Tensor Processing Units (TPUs) are application-specific integrated circuits (ASICs) developed by Google and used to accelerate machine learning workloads.
Source: Google
These TPUs, also known as AI accelerators, can be used, as advertised, to accelerate the training of large machine learning models. Google is in its fourth iteration of TPU, and this is what Bard works on.
This is just one of two ways Google is fighting NVIDIA’s “AI monopoly.” At its latest I/O conference, Google unveiled Palm2, its latest large language model. The key here, though, is that Google presented the Palm2 as a family of models, varying in size.
What we’ve found in our work is that it’s not quite the model size type – that bigger isn’t always better,
Source: DeepMind VP Zoubin Ghahraman
There is even a PaLM 2 model that can run on smartphones.
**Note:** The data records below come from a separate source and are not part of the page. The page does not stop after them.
(* Let $\mathcal{V}$ be a variety and let $e$ be a unary term in the language of $\mathcal{V}$ with $\mathcal{V}\models e(e(x))=e(x)$. (1) The class of all $\mathbf{A}\in\mathcal{V}$ for which $e$ is separating is a prevariety, i.e. it is closed under isomorphic images, subalgebras and products. (2) For $\mathbf{A},\mathbf{B}\in\mathcal{V}$ consider the map $\mathrm{Hom}(\mathbf{A},\mathbf{B})\to\mathrm{Hom}(e(\mathbf{A}),e(\mathbf{B}))$, $\varphi\mapsto\varphi|_{e(A)}$. (i) If $e$ is dense for $\mathbf{A}$, this map is injective. (ii) If $e$ is dense for $\mathbf{A}$ and separating for $\mathbf{B}$, this map is surjective.
   Context: For an algebra $\mathbf{A}$ and a unary term $e$ with $\mathbf{A}\models e(e(x))=e(x)$, the localization $e(\mathbf{A})$ is the algebra with universe $e(A)$ whose fundamental operation symbols are the symbols $et$, one for each term $t$ in the language of $\mathbf{A}$ (with the arity of $t$), where $et$ is interpreted as the restriction to $e(A)$ of the term operation $e(t(x_1,\dots,x_n))$ of $\mathbf{A}$ (under which $e(A)$ is closed). This fixes a common similarity type for all $e(\mathbf{A})$, $\mathbf{A}$ in a class satisfying $e^2=e$. For a homomorphism $\varphi:\mathbf{B}\to\mathbf{C}$, $\varphi|_{e(B)}$ is a homomorphism $e(\mathbf{B})\to e(\mathbf{C})$. The term $e$ separates $\mathbf{A}$ if for all $a\neq b$ in $A$ there is a unary term $g$ with $e(g(a))\neq e(g(b))$. The term $e$ is dense for $\mathbf{A}$ if $\mathbf{A}$ is generated as an algebra by $e(A)$. *)

From Stdlib Require Import FunctionalExtensionality.
From mathcomp Require Import all_boot.
Set Implicit Arguments. Unset Strict Implicit. Unset Printing Implicit Defensive.

Record signature := Signature { ops : Type; arity : ops -> nat }.

Inductive term (sg : signature) (V : Type) : Type :=
| Var : V -> term sg V
| App : forall o : ops sg, ('I_(arity o) -> term sg V) -> term sg V.
Arguments Var {sg V}.
Arguments App {sg V}.

Record algebra (sg : signature) := Algebra {
  carrier :> Type;
  op : forall o : ops sg, ('I_(arity o) -> carrier) -> carrier }.
Arguments op {sg} _ o.

Fixpoint eval (sg : signature) (A : algebra sg) (V : Type) (v : V -> A)
    (t : term sg V) : A :=
  match t with
  | Var x => v x
  | App o args => op A o (fun i => eval v (args i))
  end.

Definition uop (sg : signature) (A : algebra sg) (t : term sg unit) (a : A) : A :=
  eval (fun _ => a) t.

Definition models (sg : signature) (A : algebra sg) (s t : term sg nat) : Prop :=
  forall v : nat -> A, eval v s = eval v t.

Definition inV (sg : signature) (Eqs : term sg nat * term sg nat -> Prop)
    (A : algebra sg) : Prop :=
  forall s t, Eqs (s, t) -> models A s t.

Definition is_hom (sg : signature) (A B : algebra sg) (f : A -> B) : Prop :=
  forall o (args : 'I_(arity o) -> A), f (op A o args) = op B o (fun i => f (args i)).

Definition isomorphic (sg : signature) (A B : algebra sg) : Prop :=
  exists f : A -> B, is_hom f /\ bijective f.

Definition subuniverse (sg : signature) (A : algebra sg) (S : A -> Prop) : Prop :=
  forall o (args : 'I_(arity o) -> A), (forall i, S (args i)) -> S (op A o args).

Definition subalg (sg : signature) (A : algebra sg) (S : A -> Prop)
    (HS : subuniverse S) : algebra sg :=
  @Algebra sg {a : A | S a}
    (fun o args => exist S (op A o (fun i => proj1_sig (args i)))
                          (HS o _ (fun i => proj2_sig (args i)))).

Definition prod_alg (sg : signature) (I : Type) (F : I -> algebra sg) : algebra sg :=
  @Algebra sg (forall i : I, F i) (fun o args => fun i => op (F i) o (fun j => args j i)).

Definition separates (sg : signature) (e : term sg unit) (A : algebra sg) : Prop :=
  forall a b : A, a <> b ->
    exists g : term sg unit, uop e (uop g a) <> uop e (uop g b).

Definition generated_by (sg : signature) (A : algebra sg) (X : A -> Prop) : Prop :=
  forall S : A -> Prop, subuniverse S -> (forall x, X x -> S x) -> forall a : A, S a.

Definition eimage (sg : signature) (e : term sg unit) (A : algebra sg) (a : A) : Prop :=
  exists b : A, a = uop e b.
Arguments eimage {sg} e A a.

Definition dense (sg : signature) (e : term sg unit) (A : algebra sg) : Prop :=
  generated_by (eimage e A).

(* Localization: the signature has one symbol "et" for each term t in n variables. *)
Definition locsig (sg : signature) : signature :=
  @Signature {n : nat & term sg 'I_n} (fun p => projT1 p).

Definition loc (sg : signature) (e : term sg unit) (A : algebra sg) : algebra (locsig sg) :=
  @Algebra (locsig sg) {a : A | eimage e A a}
    (fun p args =>
       exist (eimage e A)
         (uop e (eval (fun i => proj1_sig (args i)) (projT2 p)))
         (ex_intro _ (eval (fun i => proj1_sig (args i)) (projT2 p)) erefl)).

Lemma hom_eval (sg : signature) (A B : algebra sg) (f : A -> B) (Hf : is_hom f)
  (V : Type) (v : V -> A) (t : term sg V) : f (eval v t) = eval (fun x => f (v x)) t.
Proof.
elim: t => [x|o args IH] //=.
rewrite Hf; f_equal; apply: functional_extensionality => i; exact: IH.
Qed.

Lemma hom_eimage (sg : signature) (e : term sg unit) (A B : algebra sg) (f : A -> B)
  (Hf : is_hom f) (a : A) : eimage e A a -> eimage e B (f a).
Proof.
case=> b ->; exists (f b); rewrite /uop (hom_eval Hf); done.
Qed.

Definition res (sg : signature) (e : term sg unit) (A B : algebra sg) (f : A -> B)
  (Hf : is_hom f) : loc e A -> loc e B :=
  fun x => exist (eimage e B) (f (proj1_sig x)) (hom_eimage Hf (proj2_sig x)).
Arguments res {sg} e {A B f} Hf _.

(* Identities and separation are reflected by injective homomorphisms and are
   checked coordinatewise in products, which gives (1).  For (2), density makes
   every element of A the value of a term over e(A), so a homomorphism is
   determined by its values there, and a map k on e(A) extends to a homomorphism
   exactly when t(x) = t'(x') in A implies t(k x) = t'(k x') in B.  A
   homomorphism h : e(A) -> e(B) commutes with every [e g t]; so if t(h x) and
   t'(h x') differed, a separating unary term g would produce e g t (h x) and
   e g t' (h x') that differ, although they are the images under h of the equal
   elements e g t x = e g t' x'. *)
From Stdlib Require Import FunctionalExtensionality ProofIrrelevance Classical ClassicalEpsilon.
From mathcomp Require Import all_boot.
Set Implicit Arguments. Unset Strict Implicit. Unset Printing Implicit Defensive.

Section Terms.
Variable sg : signature.

Fixpoint tmap V W (m : V -> W) (t : term sg V) : term sg W :=
  match t with Var x => Var (m x) | App o args => App o (fun i => tmap m (args i)) end.

Fixpoint tbind V W (f : V -> term sg W) (t : term sg V) : term sg W :=
  match t with Var x => f x | App o args => App o (fun i => tbind f (args i)) end.

Lemma eval_tmap (A : algebra sg) V W (m : V -> W) (v : W -> A) t :
  eval v (tmap m t) = eval (fun x => v (m x)) t.
Proof.
elim: t => [x|o args IH] //=; congr (op A o); exact: functional_extensionality.
Qed.

Lemma eval_tbind (A : algebra sg) V W (f : V -> term sg W) (v : W -> A) t :
  eval v (tbind f t) = eval (fun x => eval v (f x)) t.
Proof.
elim: t => [x|o args IH] //=; congr (op A o); exact: functional_extensionality.
Qed.

Lemma tmap_comp V W X (m : V -> W) (m' : W -> X) t :
  tmap m' (tmap m t) = tmap (fun x => m' (m x)) t.
Proof.
elim: t => [x|o args IH] //=; congr (App o); exact: functional_extensionality.
Qed.

Lemma eq_tmap V W (m m' : V -> W) t : m =1 m' -> tmap m t = tmap m' t.
Proof.
move=> Emm'; elim: t => [x|o args IH] /=; first by rewrite Emm'.
congr (App o); exact: functional_extensionality.
Qed.

(* Needed because the localization only has symbols [e t] for terms in finitely
   many variables. *)
Lemma term_finite_renaming V (u : term sg V) :
  {n : nat & {t : term sg 'I_n & {m : 'I_n -> V | u = tmap m t}}}.
Proof.
elim: u => [x|o args IH]; first by exists 1, (Var ord0), (fun _ => x).
pose T := {i : 'I_(arity o) & 'I_(projT1 (IH i))}.
pose sub_var i j : T := existT (fun i => 'I_(projT1 (IH i))) i j.
exists #|{: T}|.
exists (App o (fun i => tmap (fun j => enum_rank (sub_var i j)) (projT1 (projT2 (IH i))))).
exists (fun r => let x := enum_val r in proj1_sig (projT2 (projT2 (IH (tag x)))) (tagged x)).
congr (App o); apply: functional_extensionality => i.
rewrite [LHS](proj2_sig (projT2 (projT2 (IH i)))).
etransitivity; last by symmetry; apply: tmap_comp.
by apply: eq_tmap => j /=; rewrite enum_rankK.
Qed.

End Terms.

Lemma sig_eq (T : Type) (P : T -> Prop) (x y : sig P) : proj1_sig x = proj1_sig y -> x = y.
Proof. apply: eq_sig_hprop => ? ? ?; exact: proof_irrelevance. Qed.

Section Homomorphisms.
Variable sg : signature.
Implicit Types A B : algebra sg.

Lemma hom_uop A B (f : A -> B) (t : term sg unit) a : is_hom f -> f (uop t a) = uop t (f a).
Proof. by move=> Hf; rewrite /uop (hom_eval Hf). Qed.

Lemma hom_inverse A B (f : A -> B) (g : B -> A) :
  is_hom f -> cancel f g -> cancel g f -> is_hom g.
Proof.
move=> Hf fK gK o args; apply: (can_inj fK).
by rewrite gK Hf; congr (op B o); apply: functional_extensionality => i; rewrite gK.
Qed.

Lemma subalg_val_hom A (S : A -> Prop) (HS : subuniverse S) :
  is_hom (fun x : subalg HS => proj1_sig x).
Proof. by []. Qed.

Lemma prod_proj_hom I (F : I -> algebra sg) i : is_hom (fun x : prod_alg F => x i).
Proof. by []. Qed.

Lemma inV_inj_hom Eqs A B (f : A -> B) :
  is_hom f -> injective f -> inV Eqs B -> inV Eqs A.
Proof.
by move=> Hf f_inj HB s t /HB Est v; apply: f_inj; rewrite !(hom_eval Hf).
Qed.

Lemma separates_inj_hom (e : term sg unit) A B (f : A -> B) :
  is_hom f -> injective f -> separates e B -> separates e A.
Proof.
move=> Hf f_inj sepB a b /(contra_not (@f_inj a b)) /sepB [g Hg].
by exists g => Eab; apply: Hg; rewrite -!(hom_uop _ _ Hf) Eab.
Qed.

Lemma inV_prod Eqs I (F : I -> algebra sg) :
  (forall i, inV Eqs (F i)) -> inV Eqs (prod_alg F).
Proof.
move=> HF s t Est v; apply: functional_extensionality_dep => i.
by rewrite !(hom_eval (prod_proj_hom (F:=F) i)) (HF i _ _ Est).
Qed.

Lemma separates_prod (e : term sg unit) I (F : I -> algebra sg) :
  (forall i, separates e (F i)) -> separates e (prod_alg F).
Proof.
move=> HF a b Nab.
have [i Ni] : exists i, a i <> b i.
  by apply: NNPP => Nex; apply/Nab/functional_extensionality_dep => i; apply: NNPP => Ni; apply/Nex; exists i.
have [g Hg] := HF i _ _ Ni.
by exists g => Eab; apply: Hg; rewrite -!(hom_uop _ _ (prod_proj_hom (F:=F) i)) Eab.
Qed.

Lemma eq_hom_on_generators A B (X : A -> Prop) (f g : A -> B) :
  generated_by X -> is_hom f -> is_hom g -> (forall x, X x -> f x = g x) -> f =1 g.
Proof.
move=> genX Hf Hg Efg; apply: (genX (fun a => f a = g a)) => // o args Eargs.
by rewrite Hf Hg; congr (op B o); apply: functional_extensionality.
Qed.

Lemma generated_by_eval A (X : A -> Prop) :
  generated_by X -> forall a, exists u : term sg {x | X x}, a = eval (@proj1_sig _ _) u.
Proof.
move=> genX; apply: genX => [o args Hargs|x Xx]; last by exists (Var (exist _ x Xx)).
pose U i := proj1_sig (constructive_indefinite_description _ (Hargs i)).
exists (App o U) => /=; congr (op A o); apply: functional_extensionality => i.
exact: (proj2_sig (constructive_indefinite_description _ (Hargs i))).
Qed.

Lemma hom_extension A B (X : A -> Prop) (k : {x | X x} -> B) :
  generated_by X ->
  (forall u u' : term sg {x | X x},
     eval (@proj1_sig _ _) u = eval (@proj1_sig _ _) u' -> eval k u = eval k u') ->
  exists2 f : A -> B, is_hom f & forall x : {x | X x}, f (proj1_sig x) = k x.
Proof.
move=> genX k_rel; have term_rep := generated_by_eval genX.
have Hex a : exists b, forall u, a = eval (@proj1_sig _ _) u -> b = eval k u.
  by have [u0 E0] := term_rep a; exists (eval k u0) => u Eu; apply: k_rel; rewrite -E0.
pose f a := proj1_sig (constructive_indefinite_description _ (Hex a)).
have f_eval a u : a = eval (@proj1_sig _ _) u -> f a = eval k u.
  exact: (proj2_sig (constructive_indefinite_description _ (Hex a))).
exists f => [o args|x]; last by rewrite (f_eval _ (Var x)).
pose U i := proj1_sig (constructive_indefinite_description _ (term_rep (args i))).
have EU i : args i = eval (@proj1_sig _ _) (U i).
  exact: (proj2_sig (constructive_indefinite_description _ (term_rep (args i)))).
rewrite (f_eval _ (App o U)) /=; congr (op _ o); apply: functional_extensionality => i.
  by rewrite (f_eval _ _ (EU i)).
by rewrite -EU.
Qed.

End Homomorphisms.

Section Localization.
Variables (sg : signature) (e : term sg unit).

Definition loc_elem (A : algebra sg) (a : A) : loc e A :=
  exist (eimage e A) (uop e a) (ex_intro _ a erefl).

Lemma loc_hom_eval (A B : algebra sg) (h : loc e A -> loc e B) V (u : term sg V)
    (v : V -> loc e A) :
  is_hom h ->
  proj1_sig (h (loc_elem (eval (fun x => proj1_sig (v x)) u)))
  = uop e (eval (fun x => proj1_sig (h (v x))) u).
Proof.
move=> Hh; have [n [t [m ->]]] := term_finite_renaming u.
have -> : loc_elem (eval (fun x => proj1_sig (v x)) (tmap m t))
          = op (loc e A) (existT _ n t) (fun i => v (m i)).
  by apply: sig_eq; rewrite /= eval_tmap.
by rewrite Hh /= eval_tmap.
Qed.

Lemma loc_hom_respects_relations (A B : algebra sg) (h : loc e A -> loc e B) :
  separates e B -> is_hom h ->
  forall u u' : term sg (loc e A),
    eval (@proj1_sig _ _) u = eval (@proj1_sig _ _) u' ->
    eval (fun x => proj1_sig (h x)) u = eval (fun x => proj1_sig (h x)) u'.
Proof.
move=> sepB Hh u u' Eu; apply: NNPP => /sepB [g]; apply.
have uop_subst w : uop g (eval (fun x => proj1_sig (h x)) w)
                   = eval (fun x => proj1_sig (h x)) (tbind (fun _ => w) g).
  by rewrite eval_tbind.
by rewrite !uop_subst -!(loc_hom_eval _ (fun x => x) Hh) !eval_tbind Eu.
Qed.

Lemma res_inj (A B : algebra sg) (f g : A -> B) (Hf : is_hom f) (Hg : is_hom g) :
  dense e A -> res e Hf =1 res e Hg -> f =1 g.
Proof.
move=> denseA Efg; apply: (eq_hom_on_generators denseA Hf Hg) => x Xx.
exact: (f_equal (@proj1_sig _ _) (Efg (exist _ x Xx))).
Qed.

Lemma res_surj (A B : algebra sg) (h : loc e A -> loc e B) :
  dense e A -> separates e B -> is_hom h ->
  exists (f : A -> B) (Hf : is_hom f), res e Hf =1 h.
Proof.
move=> denseA sepB Hh.
have [f Hf Efh] := hom_extension denseA (loc_hom_respects_relations sepB Hh).
by exists f, Hf => x; apply: sig_eq; rewrite /= Efh.
Qed.

End Localization.

Theorem lemma2p2 (sg : signature) (Eqs : term sg nat * term sg nat -> Prop)
  (e : term sg unit)
  (He : forall A : algebra sg, inV Eqs A -> forall a : A, uop e (uop e a) = uop e a) :
  ((forall A B : algebra sg, inV Eqs A -> separates e A -> isomorphic A B ->
      inV Eqs B /\ separates e B)
   /\ (forall (A : algebra sg) (S : A -> Prop) (HS : subuniverse S),
      inV Eqs A -> separates e A -> inV Eqs (subalg HS) /\ separates e (subalg HS))
   /\ (forall (I : Type) (F : I -> algebra sg),
      (forall i, inV Eqs (F i) /\ separates e (F i)) ->
      inV Eqs (prod_alg F) /\ separates e (prod_alg F)))
  /\
  (forall A B : algebra sg, inV Eqs A -> inV Eqs B -> dense e A ->
     (forall (f g : A -> B) (Hf : is_hom f) (Hg : is_hom g),
        res e Hf =1 res e Hg -> f =1 g)
     /\
     (separates e B ->
        forall h : loc e A -> loc e B, is_hom h ->
          exists (f : A -> B) (Hf : is_hom f), res e Hf =1 h)).
Proof.
split; last first.
  move=> A B _ _ denseA; split=> [f g Hf Hg|sepB h Hh]; first exact: res_inj.
  exact: res_surj.
split; [|split].
- move=> A B HA sepA [f [Hf [g fK gK]]].
  have Hg := hom_inverse Hf fK gK; have g_inj := can_inj gK.
  by split; [apply: inV_inj_hom Hg g_inj HA | apply: separates_inj_hom Hg g_inj sepA].
- move=> A S HS HA sepA; have val_inj : injective (fun x : subalg HS => proj1_sig x).
    by move=> x y; apply: sig_eq.
  split; [exact: inV_inj_hom (subalg_val_hom (HS:=HS)) val_inj HA
         | exact: separates_inj_hom (subalg_val_hom (HS:=HS)) val_inj sepA].
- move=> I F HF; split; [apply: inV_prod => i; exact: (HF i).1
                        | apply: separates_prod => i; exact: (HF i).2].
Qed.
This is important because the size of the models is one of the limitations today. The bigger the model, the more GPUs. Cutting down on size while maintaining functionality is another workaround.
Market opportunity
Google is in a good position here to challenge NVIDIA. The company has the right motivation, is already showing increased attention in this area and has the capital to recover. To put things into perspective, Google’s R&D budget for 2022 was $39.5 billion, compared to NVDA’s $7.34 billion in the same period.
Google has here the opportunity to enter a segment that is expected to grow at a CAGR of 25% over the next decade, reaching a total market of 400 billion dollars, according to Global Market Insights.
GPU Market Forecasts (Global Market Insights)
And this is just an idea of what Google will earn if it commercializes this technology. However, the biggest benefit for Google would be to power its suite of AI applications in-house. At the very least, much cheaper and, in the end, with better technology than NVDA provides.
Other considerations
Having said that, we have to understand that there are other important players in this race. Microsoft is one of them, as is Meta Platforms (META), which recently unveiled its own AI chip.
Finally, I would like to conclude with a word of caution. While AI has a lot of potential, companies should also be careful not to give AI too much responsibility too soon. Companies like Google need to be aware of the limitations of AI, as well as its possibilities.
Large language models are very good at predicting the next thing to say, but still lack the reliability required in a commercial setting.
Final thoughts
There’s no denying the growth story behind NVIDIA, but that doesn’t necessarily justify today’s valuation. While the stock could easily continue to rise, this is a speculative move now. A more sensible bet, at this point, could be to focus on Google’s ability to disrupt the GPU market. As mentioned above, they have the necessary means and motivation. Artificial intelligence is a complex topic, so investors need to work hard to understand it before investing in it.